═════ SUPPLIED INFORMATION ═════

(* For every $\kappa_G$-NMPG there exist a family of local potential functions $\{\hat\Phi_i\}_{i\in\mathcal N}$ (i.e. satisfying the NMPG identity) and constants $\Phi_{\min},\Phi_{\max}>0$ with $0\le\Phi_{\max}-\Phi_{\min}\le\frac{2n(\kappa_G)}{1-\gamma}$ such that $\Phi_{\min}\le\hat\Phi_i(\xi)\le\Phi_{\max}$ for all $i\in\mathcal N$ and all $\xi\in\Xi$.
   Context: Networked Markov game. There are $n$ agents $\mathcal N=\{1,\dots,n\}$ placed at the nodes of an undirected graph $\mathcal G=(\mathcal N,\mathcal E)$ with graph distance $\mathrm{dist}$. For an integer $\kappa\ge0$, $N_i^\kappa=\{j\in\mathcal N:\mathrm{dist}(i,j)\le\kappa\}$ (so $i\in N_i^\kappa$), $\mathcal N_i=N_i^1$, $-N_i^\kappa=\mathcal N\setminus N_i^\kappa$, and $n(\kappa)=\max_i|N_i^\kappa|$. Agent $i$ has a finite local state space $\mathcal S_i$ and a finite local action space $\mathcal A_i$; $\mathcal S=\prod_i\mathcal S_i$, $\mathcal A=\prod_i\mathcal A_i$, and for $I\subseteq\mathcal N$ we write $s_I,a_I,\mathcal S_I,\mathcal A_I$ for the joint states/actions/spaces of the agents in $I$ (the subscript $-i$ means $\mathcal N\setminus\{i\}$). The dynamics are $\mathcal P(s'\mid s,a)=\prod_i\mathcal P_i(s_i'\mid s_{\mathcal N_i},a_i)$, the initial distribution is $\mu\in\Delta(\mathcal S)$, and $\gamma\in(0,1)$ is a discount factor. Each agent has a reward $r_i:\mathcal S\times\mathcal A\to[0,1]$ depending only on $(s_{N_i^{\kappa_r}},a_{N_i^{\kappa_r}})$ for a fixed integer $\kappa_r\ge0$. A local policy of agent $i$ is a map $\xi_i:\mathcal S_i\to\Delta(\mathcal A_i)$; $\Xi_i$ is the set of them, $\Xi_I=\prod_{i\in I}\Xi_i$, $\Xi=\Xi_{\mathcal N}$, and a joint policy $\xi=(\xi_1,\dots,\xi_n)$ acts by $\xi(a\mid s)=\prod_i\xi_i(a_i\mid s_i)$. $J_i(\xi)=\sum_{t\ge0}\gamma^t\mathbb E_\xi[r_i(s(t),a(t))]$ with $s(0)\sim\mu$. NMPG: for an integer $\kappa_G\ge0$, the game is a $\kappa_G$-networked Markov potential game ($\kappa_G$-NMPG) if there are functions $\Phi_i:\Xi\to\mathbb R$, $i\in\mathcal N$ (local potentials), such that for every $i\in\mathcal N$, $j\in N_i^{\kappa_G}$, $\xi_j,\xi_j'\in\Xi_j$, $\xi_{-j}\in\Xi_{-j}$: $J_j(\xi_j',\xi_{-j})-J_j(\xi_j,\xi_{-j})=\Phi_i(\xi_j',\xi_{-j})-\Phi_i(\xi_j,\xi_{-j})$. *)

From HB Require Import structures.
From mathcomp Require Import all_boot all_order all_algebra.
From mathcomp Require Import all_classical all_reals all_analysis.
Set Implicit Arguments. Unset Strict Implicit. Unset Printing Implicit Defensive.
Import Order.TTheory GRing.Theory Num.Theory numFieldNormedType.Exports.
Local Open Scope ring_scope.

Section NMPG.
Variables (R : realType) (n : nat).
Implicit Types (adj : rel 'I_n).

Fixpoint nbhd adj (k : nat) (i : 'I_n) : {set 'I_n} :=
  match k with
  | 0 => [set i]
  | k'.+1 => nbhd adj k' i :|: [set j | [exists l in nbhd adj k' i, adj l j]]
  end.

Definition nmax adj (k : nat) : nat := \max_(i < n) #|nbhd adj k i|.

Variables (S A : 'I_n -> finType).

Definition jstate := {dffun forall i : 'I_n, S i}.
Definition jaction := {dffun forall i : 'I_n, A i}.

(* a joint local policy: xi i s_i a_i = xi_i(a_i | s_i) *)
Definition policy := forall i : 'I_n, S i -> A i -> R.

Definition is_local_policy (xi : policy) : Prop :=
  forall i (si : S i), (forall ai, 0 <= xi i si ai) /\ \sum_(ai : A i) xi i si ai = 1.

(* local transition kernels: P i s a_i s_i' = P_i(s_i' | s_{N_i}, a_i) *)
Definition kernels := forall i : 'I_n, jstate -> A i -> S i -> R.

Definition jpol (xi : policy) (s : jstate) (a : jaction) : R :=
  \prod_(i < n) xi i (s i) (a i).

Definition jtrans (P : kernels) (s : jstate) (a : jaction) (s' : jstate) : R :=
  \prod_(i < n) P i s (a i) (s' i).

Fixpoint sdist (P : kernels) (mu : jstate -> R) (xi : policy) (t : nat)
  : jstate -> R :=
  match t with
  | 0 => mu
  | t'.+1 => fun s' => \sum_(s : jstate) \sum_(a : jaction)
        sdist P mu xi t' s * jpol xi s a * jtrans P s a s'
  end.

Definition Jval (P : kernels) (mu : jstate -> R) (gamma : R)
  (r : 'I_n -> jstate -> jaction -> R) (xi : policy) (i : 'I_n) : R :=
  limn (series (fun t : nat => gamma ^+ t * \sum_(s : jstate) \sum_(a : jaction)
        sdist P mu xi t s * jpol xi s a * r i s a)).

Definition unilateral (j : 'I_n) (xi xi' : policy) : Prop :=
  forall k : 'I_n, k != j -> xi' k = xi k.

Definition is_local_potential adj (kG : nat) (J : policy -> 'I_n -> R)
  (Phi : 'I_n -> policy -> R) : Prop :=
  forall (i j : 'I_n) (xi xi' : policy), j \in nbhd adj kG i ->
    is_local_policy xi -> is_local_policy xi' -> unilateral j xi xi' ->
    J xi' j - J xi j = Phi i xi' - Phi i xi.

End NMPG.

From HB Require Import structures.
From mathcomp Require Import all_boot all_order all_algebra.
From mathcomp Require Import all_classical all_reals all_analysis.
From mathcomp Require Import ring lra.
Set Implicit Arguments. Unset Strict Implicit. Unset Printing Implicit Defensive.
Import Order.TTheory GRing.Theory Num.Theory numFieldNormedType.Exports.
Local Open Scope ring_scope.

(* Every value J_j(xi) lies in [0, 1/(1-gamma)], because rewards lie in
   [0,1] and the state/action processes are probability distributions.  Fix a
   reference local policy xi0.  Agent i's potential only "sees" deviations of
   agents in N_i^{kG}: walking from xi to the policy obtained by resetting the
   agents of N_i^{kG} to xi0, one agent at a time, changes Phi_i by at most
   1/(1-gamma) per step (each step is a unilateral deviation, so the change
   equals a difference of two values J_j).  Hence
     Phihat_i(xi) := K + 1 + Phi_i(xi) - Phi_i(reset_i xi),  K = n(kG)/(1-gamma),
   lies in [1, 2K+1].  The subtracted term does not depend on the agents of
   N_i^{kG}, so Phihat_i still satisfies the NMPG identity. *)

Lemma sum_dffun_prod (R : comNzRingType) (I : finType) (T_ : I -> finType)
  (f : forall i, T_ i -> R) :
  \sum_(a : {dffun forall i, T_ i}) \prod_(i : I) f i (a i) =
  \prod_(i : I) \sum_(x : T_ i) f i x.
Proof.
pose P_ := fun i => [ffun x : T_ i => f i x].
transitivity (\sum_(t : fprod T_) \prod_(i in I) P_ i (t i)).
  rewrite (reindex (@dffun_of_fprod I T_)); last exact/onW_bij/dffun_of_fprod_bij.
  by apply: eq_bigr => t _; apply: eq_bigr => i _; rewrite /P_ /dffun_of_fprod !ffunE.
rewrite (@big_fprod R 0 1 *%R +%R I T_ P_); symmetry; etransitivity;
  last (exact: (bigA_distr_big_dep (tagged_with T_) (fun i j => untag 0 (P_ i) j))).
apply: eq_bigr => i _.
rewrite (eq_bigr (fun x => P_ i x)); last by move=> x _; rewrite ffunE.
by rewrite (big_tag P_ i).
Qed.

Lemma convex_comb_unit (R : realDomainType) (T : finType) (w f : T -> R) :
  (forall x, 0 <= w x) -> \sum_x w x = 1 -> (forall x, 0 <= f x <= 1) ->
  0 <= \sum_x w x * f x <= 1.
Proof.
move=> w0 w1 f01; apply/andP; split.
  by apply: sumr_ge0 => x _; rewrite mulr_ge0 //; case/andP: (f01 x).
rewrite -[X in _ <= X]w1; apply: ler_sum => x _.
by rewrite ler_piMr //; case/andP: (f01 x).
Qed.

Section Distributions.
Variables (R : realType) (n : nat) (S A : 'I_n -> finType).
Variables (P : kernels R S A) (mu : jstate S -> R).
Arguments P : clear implicits.
Hypothesis P_ge0 : forall i (s : jstate S) ai si', 0 <= P i s ai si'.
Hypothesis P_sum1 : forall i (s : jstate S) ai, \sum_(si' : S i) P i s ai si' = 1.
Hypothesis mu_ge0 : forall s, 0 <= mu s.
Hypothesis mu_sum1 : \sum_s mu s = 1.

Lemma jpol_ge0 (xi : policy R S A) s a : is_local_policy xi -> 0 <= jpol xi s a.
Proof. by move=> hx; apply: prodr_ge0 => i _; case: (hx i (s i)). Qed.

Lemma jpol_sum1 (xi : policy R S A) s : is_local_policy xi -> \sum_a jpol xi s a = 1.
Proof.
move=> hx; rewrite /jpol (@sum_dffun_prod _ _ _ (fun i x => xi i (s i) x)).
by apply: big1 => i _; case: (hx i (s i)).
Qed.

Lemma jtrans_ge0 s a s' : 0 <= jtrans P s a s'.
Proof. exact: prodr_ge0. Qed.

Lemma jtrans_sum1 s a : \sum_s' jtrans P s a s' = 1.
Proof.
rewrite /jtrans (@sum_dffun_prod _ _ _ (fun i x => P i s (a i) x)).
exact: big1.
Qed.

Lemma sdist_prob (xi : policy R S A) t : is_local_policy xi ->
  (forall s, 0 <= sdist P mu xi t s) /\ \sum_s sdist P mu xi t s = 1.
Proof.
move=> hx; elim: t => [|t [d0 d1]] //=; split.
  move=> s'; apply: sumr_ge0 => s _; apply: sumr_ge0 => a _.
  by rewrite !mulr_ge0 ?jtrans_ge0 ?jpol_ge0.
rewrite exchange_big /= -d1; apply: eq_bigr => s _.
rewrite exchange_big /= -[RHS]mulr1 -(jpol_sum1 s hx) mulr_sumr.
by apply: eq_bigr => a _; rewrite -mulr_sumr jtrans_sum1 mulr1.
Qed.

Lemma expected_reward_unit (xi : policy R S A) (rj : jstate S -> jaction A -> R) t :
  is_local_policy xi -> (forall s a, 0 <= rj s a <= 1) ->
  0 <= \sum_s \sum_a sdist P mu xi t s * jpol xi s a * rj s a <= 1.
Proof.
move=> hx hr; have [d0 d1] := sdist_prob t hx.
under eq_bigr => s _ do under eq_bigr => a _ do rewrite -mulrA.
under eq_bigr => s _ do rewrite -mulr_sumr.
apply: convex_comb_unit => // s.
by apply: convex_comb_unit => // [a|]; [apply: jpol_ge0 | apply: jpol_sum1].
Qed.

End Distributions.

Lemma discounted_series_bounds (R : realType) (gamma : R) (u : nat -> R) :
  0 <= gamma < 1 -> (forall t, 0 <= u t <= gamma ^+ t) ->
  0 <= limn (series u) <= (1 - gamma)^-1.
Proof.
move=> /andP[g0 g1] hu.
have g1' : 0 < 1 - gamma by rewrite subr_gt0.
have geom N : (\sum_(0 <= k < N) gamma ^+ k) * (1 - gamma) = 1 - gamma ^+ N.
  by rewrite big_mkord -[LHS]opprK -mulrN opprB mulrC -subrX1 opprB.
have partial_le N : series u N <= (1 - gamma)^-1.
  apply: (@le_trans _ _ (\sum_(0 <= k < N) gamma ^+ k)).
    by apply: ler_sum => k _; case/andP: (hu k).
  by rewrite -[X in _ <= X]mul1r ler_pdivlMr // geom gerBl exprn_ge0.
have partial_ge0 N : 0 <= series u N.
  by apply: sumr_ge0 => k _; case/andP: (hu k).
have cv : cvgn (series u).
  apply: nondecreasing_is_cvgn.
    apply/nondecreasing_seqP => N; rewrite /series /= big_nat_recr //=.
    by rewrite lerDl; case/andP: (hu N).
  by exists (1 - gamma)^-1 => _ [k _ <-].
apply/andP; split; [apply: limr_ge | apply: limr_le] => //; exact: nearW.
Qed.

Lemma Jval_bounds (R : realType) (n : nat) (S A : 'I_n -> finType)
  (P : kernels R S A) (mu : jstate S -> R) (gamma : R)
  (r : 'I_n -> jstate S -> jaction A -> R) (xi : policy R S A) j :
  (forall i (s : jstate S) ai si', 0 <= P i s ai si') ->
  (forall i (s : jstate S) ai, \sum_(si' : S i) P i s ai si' = 1) ->
  (forall s : jstate S, 0 <= mu s) -> \sum_(s : jstate S) mu s = 1 ->
  0 <= gamma < 1 ->
  (forall i (s : jstate S) (a : jaction A), 0 <= r i s a <= 1) ->
  is_local_policy xi ->
  0 <= Jval P mu gamma r xi j <= (1 - gamma)^-1.
Proof.
move=> hP0 hP1 hm0 hm1 hg hr hx; apply: discounted_series_bounds => // t.
have g0 : 0 <= gamma ^+ t by rewrite exprn_ge0 //; case/andP: hg.
have /andP[e0 e1] := expected_reward_unit hP0 hP1 hm0 hm1 t hx (hr j).
by rewrite mulr_ge0 //= ler_piMr.
Qed.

═════

### EXERCISE PROMPT
Output, from the data above, the lines from the line with "rewrite (eq_bigr (fun" to the line with "Proof. exact: prodr_ge0. Qed." exactly as they stand, both ends included and nothing else.

### OUTPUT OF THE EXERCISE
rewrite (eq_bigr (fun x => P_ i x)); last by move=> x _; rewrite ffunE.
by rewrite (big_tag P_ i).
Qed.

Lemma convex_comb_unit (R : realDomainType) (T : finType) (w f : T -> R) :
  (forall x, 0 <= w x) -> \sum_x w x = 1 -> (forall x, 0 <= f x <= 1) ->
  0 <= \sum_x w x * f x <= 1.
Proof.
move=> w0 w1 f01; apply/andP; split.
  by apply: sumr_ge0 => x _; rewrite mulr_ge0 //; case/andP: (f01 x).
rewrite -[X in _ <= X]w1; apply: ler_sum => x _.
by rewrite ler_piMr //; case/andP: (f01 x).
Qed.

Section Distributions.
Variables (R : realType) (n : nat) (S A : 'I_n -> finType).
Variables (P : kernels R S A) (mu : jstate S -> R).
Arguments P : clear implicits.
Hypothesis P_ge0 : forall i (s : jstate S) ai si', 0 <= P i s ai si'.
Hypothesis P_sum1 : forall i (s : jstate S) ai, \sum_(si' : S i) P i s ai si' = 1.
Hypothesis mu_ge0 : forall s, 0 <= mu s.
Hypothesis mu_sum1 : \sum_s mu s = 1.

Lemma jpol_ge0 (xi : policy R S A) s a : is_local_policy xi -> 0 <= jpol xi s a.
Proof. by move=> hx; apply: prodr_ge0 => i _; case: (hx i (s i)). Qed.

Lemma jpol_sum1 (xi : policy R S A) s : is_local_policy xi -> \sum_a jpol xi s a = 1.
Proof.
move=> hx; rewrite /jpol (@sum_dffun_prod _ _ _ (fun i x => xi i (s i) x)).
by apply: big1 => i _; case: (hx i (s i)).
Qed.

Lemma jtrans_ge0 s a s' : 0 <= jtrans P s a s'.
Proof. exact: prodr_ge0. Qed.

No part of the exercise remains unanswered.